The Trump administration is pushing a budget blueprint that would pour an extra $445 billion into defense spending while cutting 10% from other federal programs, triggering sharp Democratic pushback over the administration's spending priorities.
The White House Office of Management and Budget released the proposal Friday, framing it as an opening bid for the congressional negotiations that typically dominate the appropriations process in coming months. Administration officials signaled the plan is negotiable, though lawmakers are unlikely to pass it unchanged.
Defense outlays would climb to levels not seen in decades under the spending trajectory, reflecting the administration's emphasis on military capability and readiness. The competing demand for fiscal resources elsewhere in the federal government would shrink accordingly, with non-defense accounts absorbing the bulk of reductions.
Democrats quickly denounced the approach. The party characterized the proposal as reflecting a "bleak and unacceptable" view of government's role, arguing that cuts to social programs, education, and other domestic initiatives would harm ordinary Americans while enriching defense contractors.
The budget document launches what is typically a months-long process of congressional haggling.
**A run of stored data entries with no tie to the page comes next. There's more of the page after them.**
(* (A, phi, F, Phi) is a ncps of type B': A unital complex algebra (algType),
   phi linear with phi 1 = 1, F a (not necessarily unital) complex algebra
   which is an A-bimodule compatible with its multiplication, Phi linear. *)
Record ncpsB' (phi : A -> C) (Phi : F -> C) : Prop := {
  ncps_phi_lin : linear_to_C phi;
  ncps_phi1 : phi 1 = 1;
  ncps_Phi_lin : linear_to_C Phi;
  mulF_linl : forall (c : C) x y z, mulF (c *: x + y) z = c *: mulF x z + mulF y z;
  mulF_linr : forall (c : C) x y z, mulF x (c *: y + z) = c *: mulF x y + mulF x z;
  mulF_assoc : forall x y z, mulF x (mulF y z) = mulF (mulF x y) z;
  lact_linl : forall (c : C) a b f, lact (c *: a + b) f = c *: lact a f + lact b f;
  lact_linr : forall (c : C) a f g, lact a (c *: f + g) = c *: lact a f + lact a g;
  lact1 : forall f, lact 1 f = f;
  lactM : forall a b f, lact (a * b) f = lact a (lact b f);
  ract_linl : forall (c : C) f g a, ract (c *: f + g) a = c *: ract f a + ract g a;
  ract_linr : forall (c : C) f a b, ract f (c *: a + b) = c *: ract f a + ract f b;
  ract1 : forall f, ract f 1 = f;
  ractM : forall f a b, ract f (a * b) = ract (ract f a) b;
  lact_ract : forall a f b, ract (lact a f) b = lact a (ract f b);
  lact_mulF : forall a f g, lact a (mulF f g) = mulF (lact a f) g;
  ract_mulF : forall f g a, ract (mulF f g) a = mulF f (ract g a);
  mid_mulF : forall f a g, mulF (ract f a) g = mulF f (lact a g)
}.

(* The algebra B = A (+) F, elements written as pairs (a, f) = a + f. *)
Definition mulB (b1 b2 : A * F) : A * F :=
  (b1.1 * b2.1, lact b1.1 b2.2 + ract b1.2 b2.1 + mulF b1.2 b2.2).
Definition oneB : A * F := (1, 0).
Definition prodB (s : seq (A * F)) : A * F := foldr mulB oneB s.

Definition phiB (phi : A -> C) (b : A * F) : C := phi b.1.
Definition phiP (Phi : F -> C) (P : F) (b : A * F) : C :=
  Phi (ract P b.1 + mulF P b.2) / Phi P.

Definition subalgA (S : A -> Prop) : Prop :=
  [/\ S 1, (forall x y, S x -> S y -> S (x + y)),
      (forall (c : C) x, S x -> S (c *: x)) & (forall x y, S x -> S y -> S (x * y))].
Definition subalgF (S : F -> Prop) : Prop :=
  [/\ S 0, (forall x y, S x -> S y -> S (x + y)),
      (forall (c : C) x, S x -> S (c *: x)) & (forall x y, S x -> S y -> S (mulF x y))].

Fixpoint tailword (g : nat -> F) (c : nat -> A) (k m : nat) : F :=
  match m with
  | 0 => ract (g k) (c k)
  | m'.+1 => mulF (ract (g k) (c k)) (tailword g c k.+1 m')
  end.
Fixpoint prodF (g : nat -> F) (k m : nat) : F :=
  match m with
  | 0 => g k
  | m'.+1 => mulF (g k) (prodF g k.+1 m')
  end.
(* powF p n = p^(n+1) *)
Fixpoint powF (p : F) (n : nat) : F :=
  match n with 0 => p | n'.+1 => mulF p (powF p n') end.

(* The span _{A1}<F1> of all a_0 f_1 a_1 ... f_n a_n, n >= 1 *)
Inductive AFspan (A1 : A -> Prop) (F1 : F -> Prop) : F -> Prop :=
  | AFspan_word (m : nat) (g : nat -> F) (c : nat -> A) :
      (forall l, (l <= m.+1)%N -> A1 (c l)) ->
      (forall l, (1 <= l <= m.+1)%N -> F1 (g l)) ->
      AFspan A1 F1 (lact (c 0%N) (tailword g c 1 m))
  | AFspan0 : AFspan A1 F1 0
  | AFspanD x y : AFspan A1 F1 x -> AFspan A1 F1 y -> AFspan A1 F1 (x + y)
  | AFspanZ (k : C) x : AFspan A1 F1 x -> AFspan A1 F1 (k *: x).

Inductive genA (I : Type) (S : I -> A -> Prop) : A -> Prop :=
  | genA_base i x : S i x -> genA S x
  | genA1 : genA S 1
  | genAD x y : genA S x -> genA S y -> genA S (x + y)
  | genAZ (k : C) x : genA S x -> genA S (k *: x)
  | genAM x y : genA S x -> genA S y -> genA S (x * y).

Inductive genF (J : Type) (S : J -> F -> Prop) : F -> Prop :=
  | genF_base j x : S j x -> genF S x
  | genF0 : genF S 0
  | genFD x y : genF S x -> genF S y -> genF S (x + y)
  | genFZ (k : C) x : genF S x -> genF S (k *: x)
  | genFM x y : genF S x -> genF S y -> genF S (mulF x y).

Definition weakly_Bfree (phi : A -> C) (Phi : F -> C) (I J : Type)
    (Af : I -> A -> Prop) (Ff : J -> F -> Prop) : Prop :=
  (forall (n : nat) (idx : nat -> I) (c : nat -> A),
      (0 < n)%N ->
      (forall l, (l.+1 < n)%N -> idx l <> idx l.+1) ->
      (forall l, (l < n)%N -> Af (idx l) (c l)) ->
      (forall l, (l < n)%N -> phi (c l) = 0) ->
      phi (\prod_(0 <= l < n) c l) = 0)
  /\
  (* Phi(c_0 g_1 c_1 ... g_n c_n) = phi(c_0 c_n) prod_{l=1}^{n-1} phi(c_l) Phi(g_1...g_n),
     for n = m+1 >= 1, c_l in A_0, g_l in F_0 *)
  (forall (m : nat) (g : nat -> F) (c : nat -> A),
      (forall l, (l <= m.+1)%N -> genA Af (c l)) ->
      (forall l, (1 <= l <= m.+1)%N -> genF Ff (g l)) ->
      Phi (lact (c 0%N) (tailword g c 1 m)) =
        phi (c 0%N * c m.+1) * (\prod_(1 <= l < m.+1) phi (c l)) * Phi (prodF g 1 m)).

Definition FP (P : F) : F -> Prop := fun f => exists (k : C) (n : nat), f = k *: powF P n.

(* the family (F_i)_{i in I} extended by F_P at the extra index None *)
Definition extFam (I : Type) (Ff : I -> F -> Prop) (P : F) : option I -> F -> Prop :=
  fun j => match j with Some i => Ff i | None => FP P end.

End NCPS.

From HB Require Import structures.
From mathcomp Require Import all_boot all_order all_algebra.
From mathcomp Require Import complex Rstruct.
From mathcomp Require Import zify.
Set Implicit Arguments. Unset Strict Implicit. Unset Printing Implicit Defensive.
Import GRing.Theory.
Local Open Scope ring_scope.

(* Expand b_1 ... b_n = (a_1 + F_1) ... (a_n + F_n).  Every term other than
   F_1 ... F_n contains a maximal run a_j ... a_(k-1) of A-factors.  Writing P
   and the F_l as combinations of words c_0 g_1 c_1 ... g_m c_m, the product P
   times such a term becomes a combination of words one of whose A-letters is
   c a_j ... a_(k-1) c', where c is the last A-letter of F_(j-1) (or 1) and c'
   the first A-letter of F_k (or 1).  After centering c and c', freeness of the
   A_i gives phi (c a_j ... a_(k-1) c') = 0, and weak B'-freeness factors Phi
   of each word through this value, so the term contributes nothing.  The
   expansion is carried out from left to right, the part already expanded
   being kept in the form u (c a_j ... a_(k-1)) with u a combination of words
   ending in an F-letter. *)

Inductive linspan (R : pzRingType) (V : lmodType R) (S : V -> Prop) : V -> Prop :=
  | linspan_gen x : S x -> linspan S x
  | linspan0 : linspan S 0
  | linspanD x y : linspan S x -> linspan S y -> linspan S (x + y)
  | linspanZ (a : R) x : linspan S x -> linspan S (a *: x).

Section LinearFor.
Variables (R : pzRingType) (V : lmodType R) (W : zmodType) (s : GRing.Scale.law R W).

Lemma linear_for0 (f : V -> W) : linear_for s f -> f 0 = 0.
Proof. by move=> /GRing.zmod_morphism_linear fB; rewrite -(subrr (0 : V)) fB subrr. Qed.

Lemma linear_forD (f : V -> W) : linear_for s f -> {morph f : x y / x + y}.
Proof. by case/GRing.semilinear_linear. Qed.

Lemma linear_forZ (f : V -> W) : linear_for s f -> forall a x, f (a *: x) = s a (f x).
Proof. by case/GRing.semilinear_linear. Qed.

Lemma linear_for_comp (U : lmodType R) (f : V -> W) (g : U -> V) :
  linear_for s f -> linear g -> linear_for s (fun x => f (g x)).
Proof. by move=> fL gL a x y; rewrite gL fL. Qed.

Lemma linspan_linear0 (S : V -> Prop) (f : V -> W) :
  linear_for s f -> (forall x, S x -> f x = 0) -> forall x, linspan S x -> f x = 0.
Proof.
move=> fL fS x; elim=> {x} [x /fS //| |x y _ fx _ fy|a x _ fx].
- exact: linear_for0.
- by rewrite linear_forD // fx fy addr0.
- by rewrite linear_forZ // fx -(linear_for0 fL) -linear_forZ // scaler0.
Qed.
House and Senate appropriators will parse the numbers, advocate for pet projects in their districts, and ultimately produce their own spending bills. Few if any budgets survive intact from initial White House proposal to final law.
How much of the defense increase ultimately survives, and which domestic programs face actual cuts, will depend on negotiations across both chambers and between parties. But the administration's willingness to front-load military spending signals where its fiscal priorities rest heading into budget season.